3.1 Stage 1: Data acquisition

Data acquisition represents the first stage of the proposed method. The streaming videos and mouse/keyboard behavior recorders started when the student sat behind the PC to do the lab activity as shown (Fig. 1, stage 1). Both streaming videos and behaviors were recorded at the same time. The inputs of this first stage were the user’s facial expression frames and his/her mouse and keyboard behaviors, whereas the outputs were the facial expression frames and raw keyboard and mouse data collected within two minutes leading to the next stage.

3.2 Stage 2: Feature extraction

Feature extraction is the second stage of the proposed method. This stage was made up of two major parts. In the first part, we calculated a composite engagement value. In the second part, we computed mouse and keyboard feature values. These two parts run in parallel every two minutes. We extracted the engagement feature vector from both the facial expression frames and the log file containing recorded mouse movements and keystrokes. In the next subsections, we will present the two-part feature extraction stage: calculating the composite engagement value [Fig. 1, stage 2 (1)], and computing mouse and keyboard feature values [Fig. 1, stage 2 (2)].

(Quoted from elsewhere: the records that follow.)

Lemma exprp_addr_alg (K : fieldType) (p : nat) (B : algType K) (x : B) (c : K) :
  p \in [pchar K] -> (x + c%:A) ^+ p = x ^+ p + (c ^+ p)%:A.
Proof.
move=> pcharK; have pcharB : p \in [pchar B] by rewrite (pchar_lalg B).
rewrite -!(pFrobenius_autE pcharB) pFrobenius_autD_comm; last exact/esym/comm_alg.
by rewrite !pFrobenius_autE exprZn expr1n.
Qed.

Section ShiftGenerators.
Variables (K : fieldType) (p : nat) (L : vectType K) (br : L -> L -> L) (pm : L -> L).
Variables (chi : {scalar L}) (B : algType K) (g : L -> B) (c : K).

Definition shift_gen (u : (L * K^o)%type) : B := g u.1 + (u.2 * c)%:A.

Lemma env_map_shift_gen : env_map br g -> env_map (br_chi br) shift_gen.
Proof.
move=> env_g; split=> [a u v | u v]; rewrite /shift_gen /=.
  rewrite (env_mapD env_g) (env_mapZ env_g) -[a *: u.2]/(a * u.2) mulrDl scalerDl.
  by rewrite -mulrA -scalerA scalerDr addrACA.
by rewrite mul0r scale0r addr0 commutatorD_alg (env_map_br env_g).
Qed.

Lemma reduced_rel_shift_gen :
    p \in [pchar K] -> c ^+ p = c -> reduced_rel p pm (fun x => c * chi x) g ->
  reduced_rel p (pm_chi p pm chi) (fun _ => 0) shift_gen.
Proof.
move=> pcharK c_fix red_g [x a]; rewrite /shift_gen /pm_chi /= exprp_addr_alg //.
rewrite opprD addrACA red_g -scalerBl -scalerDl !exprMn c_fix.
rewrite expr0n eqn0Ngt prime_gt0 ?(pcharf_prime pcharK) //=.
by congr (_ *: _); ring.
Qed.

End ShiftGenerators.

Lemma lie_br0r (K : fieldType) (V : vectType K) (br : V -> V -> V) (x : V) :
  is_lie_bracket br -> br x 0 = 0.
Proof.
case=> _ lin_r _ _; have := lin_r 1 0 0 x; rewrite !scale1r addr0 => br0.
by apply: (addrI (br x 0)); rewrite addr0 -br0.
Qed.

Section Decomposition.
Variables (K : fieldType) (p : nat) (L : vectType K) (br : L -> L -> L) (pm : L -> L).
Variables (chi : {scalar L}) (A : algType K) (f : (L * K^o)%type -> A).
Variables (B : 'I_p -> algType K) (g : forall i : 'I_p, L -> B i).
Hypotheses (pcharK : p \in [pchar K]) (restr : is_restricted p br pm).
Hypothesis univ_f : is_reduced_env p (br_chi br) (pm_chi p pm chi) (fun _ => 0) f.
Hypothesis univ_g : forall i : 'I_p, is_reduced_env p br pm (fun x => i%:R * chi x) (g i).

Implicit Types i j : 'I_p.

Let p_gt0 : (0 < p)%N := prime_gt0 (pcharf_prime pcharK).
Let env_f : env_map (br_chi br) f. Proof. by case: univ_f. Qed.
Let red_f : reduced_rel p (pm_chi p pm chi) (fun _ => 0) f. Proof. by case: univ_f. Qed.
Let env_g i : env_map br (g i). Proof. by case: (univ_g i). Qed.
Let red_g i : reduced_rel p pm (fun x => i%:R * chi x) (g i). Proof. by case: (univ_g i). Qed.

Local Notation z := (f (0, 1)).

Lemma f_pair x a : f (x, a) = f (x, 0) + a *: z.
Proof.
rewrite -(env_mapZ env_f) -(env_mapD env_f); congr f.
by rewrite [RHS]surjective_pairing /= scaler0 addr0 add0r -[a%:A]/(a * 1) mulr1.
Qed.

Lemma commr_f_z u : GRing.comm (f u) z.
Proof.
apply/eqP; rewrite -subr_eq0 -(env_map_br env_f) /br_chi /= lie_br0r; last by case: restr.
exact/eqP/(env_map0 env_f).
Qed.

Lemma z_expp : z ^+ p = z.
Proof.
have pm0 : pm 0 = 0.
  by case: restr => _ _ homog _; rewrite -(scale0r 0) homog expr0n eqn0Ngt p_gt0 !scale0r.
have := red_f (0, 1); rewrite /pm_chi /= pm0 raddf0 expr0n eqn0Ngt p_gt0 expr1n add0r.
by rewrite scale0r => /subr0_eq.
Qed.

Lemma f_expp x : f (x, 0) ^+ p = f (pm x, 0) + chi x ^+ p *: z.
Proof.
have := red_f (x, 0); rewrite /pm_chi /= expr0n eqn0Ngt p_gt0 addr0 scale0r.
by move=> /subr0_eq ->; rewrite [LHS]f_pair.
Qed.

Local Notation e i := (@lagrange_idem _ p _ z i).

Lemma commr_lagrange_idem_f i u : GRing.comm (e i) (f u).
Proof. exact/commr_sym/commr_lagrange_idem/commr_f_z. Qed.

Definition Phi (i : 'I_p) : A -> B i :=
  reduced_env_lift univ_f (env_map_shift_gen i%:R (env_g i))
    (reduced_rel_shift_gen pcharK (natr_expp pcharK i) (red_g i)).

Lemma Phi_alg_hom i : is_alg_hom (Phi i).
Proof. exact: reduced_env_lift_alg_hom. Qed.

Lemma Phi_f i u : Phi i (f u) = g i u.1 + (u.2 * i%:R)%:A.
Proof. exact: reduced_env_liftE. Qed.

Lemma Phi_z i : Phi i z = i%:R%:A.
Proof. by rewrite Phi_f /= (env_map0 (env_g i)) add0r mul1r. Qed.

Lemma Phi_lagrange_idem i j : Phi j (e i) = (i == j)%:R%:A.
Proof. by rewrite (alg_hom_horner_alg (Phi_alg_hom j) _ (Phi_z j)) horner_lagrange_Fp. Qed.

Lemma lagrange_idem_neq0 i : e i != 0.
Proof.
apply: contra_neq (oner_neq0 (B i)) => ei0.
by move: (Phi_lagrange_idem i i); rewrite ei0 (alg_hom0 (Phi_alg_hom i)) eqxx scale1r => ->.
Qed.

Lemma lagrange_idemK i : e i * e i = e i.
Proof. by rewrite (lagrange_idemM pcharK z_expp) eqxx scale1r. Qed.

Definition block_idem i : nz_idem A := NzIdem (lagrange_idemK i) (lagrange_idem_neq0 i).

Definition block_gen i (x : L) : corner (block_idem i) := corner_of (block_idem i) (f (x, 0)).

Lemma cval_block_gen i x : cval (block_gen i x) = e i * f (x, 0).
Proof. by rewrite cval_corner_of /= -mulrA -commr_lagrange_idem_f mulrA lagrange_idemK. Qed.

Lemma mulr_block_f i u v : e i * f u * (e i * f v) = e i * (f u * f v).
Proof.
by rewrite !mulrA -(mulrA _ (f u)) -commr_lagrange_idem_f mulrA lagrange_idemK -!mulrA.
Qed.

Lemma env_map_block_gen i : env_map br (block_gen i).
Proof.
have f_lin a x y : f (a *: x + y, 0) = a *: f (x, 0) + f (y, 0).
  rewrite -(env_mapZ env_f) -(env_mapD env_f); congr f.
  by rewrite [RHS]surjective_pairing /= scaler0 addr0.
split=> [a x y | x y]; apply: cval_inj.
  by rewrite cvalD cvalZ !cval_block_gen f_lin mulrDr scalerAr.
rewrite cvalB !cvalM !cval_block_gen !mulr_block_f -mulrBr.
by rewrite -(env_map_br env_f (x, 0) (y, 0)).
Qed.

3.2.1 Composite engagement value feature extraction

The first part of the feature extraction stage comprises three main steps. In the first step, we extracted key frames from the facial expression frames. The second step consisted of detecting emotions from the key frames using the mini-Xception [11] model. In the third step, we calculated the composite engagement value. In the following paragraphs, we will examine and present these steps in detail.

  • Step (1): Key frame detection.

Key frames, also called video frames, describe an entire video that can be removed to significantly reduce redundant information. Certain frames are obtained based on the key frame extraction method [12]. The latter has two primary objectives. It aims to delete redundant data that will substantially reduce the amount of information to be processed and lower computational costs by diminishing the amount of data that undergoes processing [12, 13]. This step helps to decide whether the current frame is a new key frame or not. The first frame acquired by a webcam is taken as a key frame. Based on this first key frame, we detected other key frames. We needed to get the next frame and check whether the current frame is a key frame. This decision was based on cosine similarity as defined in Eq. 1 [14].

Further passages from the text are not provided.